Epilepsy is a chronic neurological disorder that affects around 50 million people throughout the world. It is characterized by the occurrence of epileptic seizures generated by abnormal neuronal discharges. An inadequate response to the currently available antiseizure medication is a widespread and critical issue in epilepsy patients. Indeed, in certain circumstances, epilepsy surgery is indicated to improve seizure control [86]. These features result in a severe economic and social burden for the patients and/or the health system [87,88]. Furthermore, the choice of medication used to control seizures in patients with epilepsy is dependent on the type of epilepsy; thus, a correct diagnosis is crucial for optimizing treatment [87]. Therefore, the search for biomarkers to assist in the diagnosis and help predict the response to treatment for epilepsy patients is urgently needed; metabolomics has been one of the tools used for these purposes [89]. However, most metabolomic studies performed on different tissues and biofluids of patients with epilepsy have also sought to contribute to the investigation of the mechanisms underlying the disease—and not only the identification of biomarkers. This dual focus is due to the fact that epilepsy is a heterogeneous condition that comprises many different specific diseases with distinct mechanisms, clinical presentations, and prognoses [86].

To the best of our knowledge, Cavus et al. were among the first researchers to analyze the metabolites of extracellular glutamate in surgical tissue from the hippocampi and cortices of patients with medically refractory epilepsy [90]. The authors aimed to investigate the energetic deficiency in these tissues, and their results suggested that it could lead to a functional impairment of glutamate transporters and glutamate reuptake [90]. A subsequent report in 2010—which used 1HNMR- and MS-based metabonomic analysis in blood serum from patients using different antiseizure medications—did not find any distinction in the metabolic profile of responders and non-responders to different antiseizure drugs [91]. Abela and colleagues used an untargeted metabolomics approach to identify potential plasma biomarkers in patients with a rare genetic syndrome presenting with epilepsy, specifically Snyder–Robinson syndrome [92]. They found an increase in N8-acetylspermidine and suggested that this metabolite could be used as a biomarker for the disease [92]. Simultaneously, another study used metabolomics to distinguish three different types of epilepsy within 48 h after seizure: partial seizure, generalized seizure, and generalized seizure secondary to partial seizure [93]. These authors used a GC-MS-based approach and found a distinct metabolomic profile in the serum of patients with epilepsy.
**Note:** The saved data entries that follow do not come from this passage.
(* $$ \begin{aligned} & \log\mathcal C_2\left(\tfrac14\right)=\frac{\log2}{8}-\frac{G}{2\pi}, \\ &\log\mathcal C_3\left(\tfrac14\right)=\frac{\log2}{32}-\frac{G}{4\pi}+\frac{7\zeta_E(3)}{16\pi^2}, \\ &\log\mathcal C_4\left(\tfrac14\right)=\frac{\log2}{128}-\frac{3G}{32\pi}-\frac{3\zeta_E(3)}{64\pi^2}+\frac{3\beta(4)}{4\pi^3}, \\ &\log\mathcal C_5\left(\tfrac14\right)=\frac{\log2}{512}-\frac{G}{32\pi}-\frac{3\zeta_E(3)}{128\pi^2}+\frac{3\beta(4)}{4\pi^3}-\frac{93\zeta_E(5)}{64\pi^4}. \end{aligned} $$
   Context: For an integer $r\ge2$ let $P_r(y)=(1-y)\exp\left(y+\frac{y^2}{2}+\cdots+\frac{y^r}{r}\right)$. The multiple cosine function of Kurokawa–Koyama of order $r\ge2$ is $\mathcal C_r(x)=\prod_{n\ge1,\ n\text{ odd}}\left\{P_r\left(\frac{x}{n/2}\right)P_r\left(-\frac{x}{n/2}\right)^{(-1)^{r-1}}\right\}^{(n/2)^{r-1}}$, interpreted as $\mathcal C_r(x)=\exp\Big(\sum_{n\ge1,\,n\text{ odd}}(n/2)^{r-1}\big[\operatorname{Log}P_r(2x/n)+(-1)^{r-1}\operatorname{Log}P_r(-2x/n)\big]\Big)$, where $\operatorname{Log}P_r(y):=\operatorname{Log}(1-y)+y+\frac{y^2}{2}+\cdots+\frac{y^r}{r}$ with $\operatorname{Log}$ the principal branch. The series converges and defines a holomorphic function on $D=\mathbb C\setminus\big((-\infty,-\tfrac12]\cup[\tfrac12,\infty)\big)$, positive on $(-\tfrac12,\tfrac12)$; $\log\mathcal C_r(x)$ denotes the exponent above (the real logarithm for real $|x|<\tfrac12$). $\zeta_E(s)=\sum_{n=1}^\infty\frac{(-1)^{n+1}}{n^s}$, $\beta(s)=\sum_{n=0}^\infty\frac{(-1)^n}{(2n+1)^s}$, and $G=\beta(2)$ is Catalan's constant. *)

From Stdlib Require Import Reals.
From Coquelicot Require Import Coquelicot.
Open Scope R_scope.

(* Log P_r(y) = Log(1-y) + y + y^2/2 + ... + y^r/r  (real branch, used for |y| < 1) *)
Definition LogP (r : nat) (y : R) : R :=
  ln (1 - y) + sum_f_R0 (fun j => y ^ (S j) / INR (S j)) (pred r).

Definition logC_term (r : nat) (x : R) (k : nat) : R :=
  let n := INR (2 * k + 1) in
  (n / 2) ^ (r - 1) * (LogP r (2 * x / n) + (-1) ^ (r - 1) * LogP r (- (2 * x / n))).

(* log C_r(x) for real x with |x| < 1/2 *)
Definition logC (r : nat) (x : R) : R := Series (logC_term r x).

Definition zetaE (s : nat) : R := Series (fun n => (-1) ^ n / INR (n + 1) ^ s).

Definition dbeta (s : nat) : R := Series (fun n => (-1) ^ n / INR (2 * n + 1) ^ s).

Definition Catalan : R := dbeta 2.

From Stdlib Require Import Reals Lra Lia.
From Coquelicot Require Import Coquelicot.
Open Scope R_scope.

(* Differentiating the defining series termwise and using the partial fraction expansion
   PI tan (PI t) = sum_k 8 t / ((2k+1)^2 - 4 t^2) gives
   log C_r(x) = - int_0^x t^(r-1) PI tan (PI t) dt.  At x = 1/4 an integration by parts reduces
   this to the moments int_0^(1/4) t^j ln (2 cos (PI t)) dt.  Integrating the geometric series
   sum_k (-s)^k cos ((k+1) phi) over s in [0,1] yields the Fourier series
   ln (2 cos (PI t)) = sum_k (-1)^k cos (2 (k+1) PI t) / (k+1), which turns the moments into series
   of elementary cosine moments; the values of sin and cos at (k+1) PI / 2 split those series by the
   parity of k into values of beta and zeta_E.
   The partial fraction expansion of PI cot (PI x) is obtained by Herglotz's trick: the difference H
   of both sides is continuous on [0,1/2], vanishes at 0 and satisfies
   2 H(x) = H(x/2) - H((1-x)/2), so the maximum of |H| is also attained at points x0 / 2^k,
   which tend to 0. *)

(** * Series with telescoping majorants *)

Fixpoint psum (f : nat -> R) (N : nat) : R :=
  match N with O => 0 | S n => psum f n + f n end.

Lemma psum_succ_sum_n f N : psum f (S N) = sum_n f N.
Proof.
  induction N as [|N IH].
  - simpl. rewrite sum_O. lra.
  - rewrite sum_Sn. simpl in *. rewrite <- IH. reflexivity.
Qed.

Lemma is_series_psum f (l : R) : is_series f l <-> is_lim_seq (psum f) l.
Proof.
  split; intros H.
  - apply is_lim_seq_incr_1, (is_lim_seq_ext (sum_n f)); [|exact H].
    intros n; symmetry; apply psum_succ_sum_n.
  - apply is_lim_seq_incr_1 in H.
    apply (is_lim_seq_ext _ (sum_n f)) in H; [exact H|].
    intros n; apply psum_succ_sum_n.
Qed.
Still, they were unable to differentiate the three types of seizures [93]. The main findings were elevated lactate and glutamate levels and reduced FAs in the serum of patients with different types of epilepsy [93]. The authors also implicated 14 endogenous metabolites altered in patients with epilepsy compared to controls; the disrupted metabolic pathways led to energy deficiencies, inflammation, and neurotoxicity [93].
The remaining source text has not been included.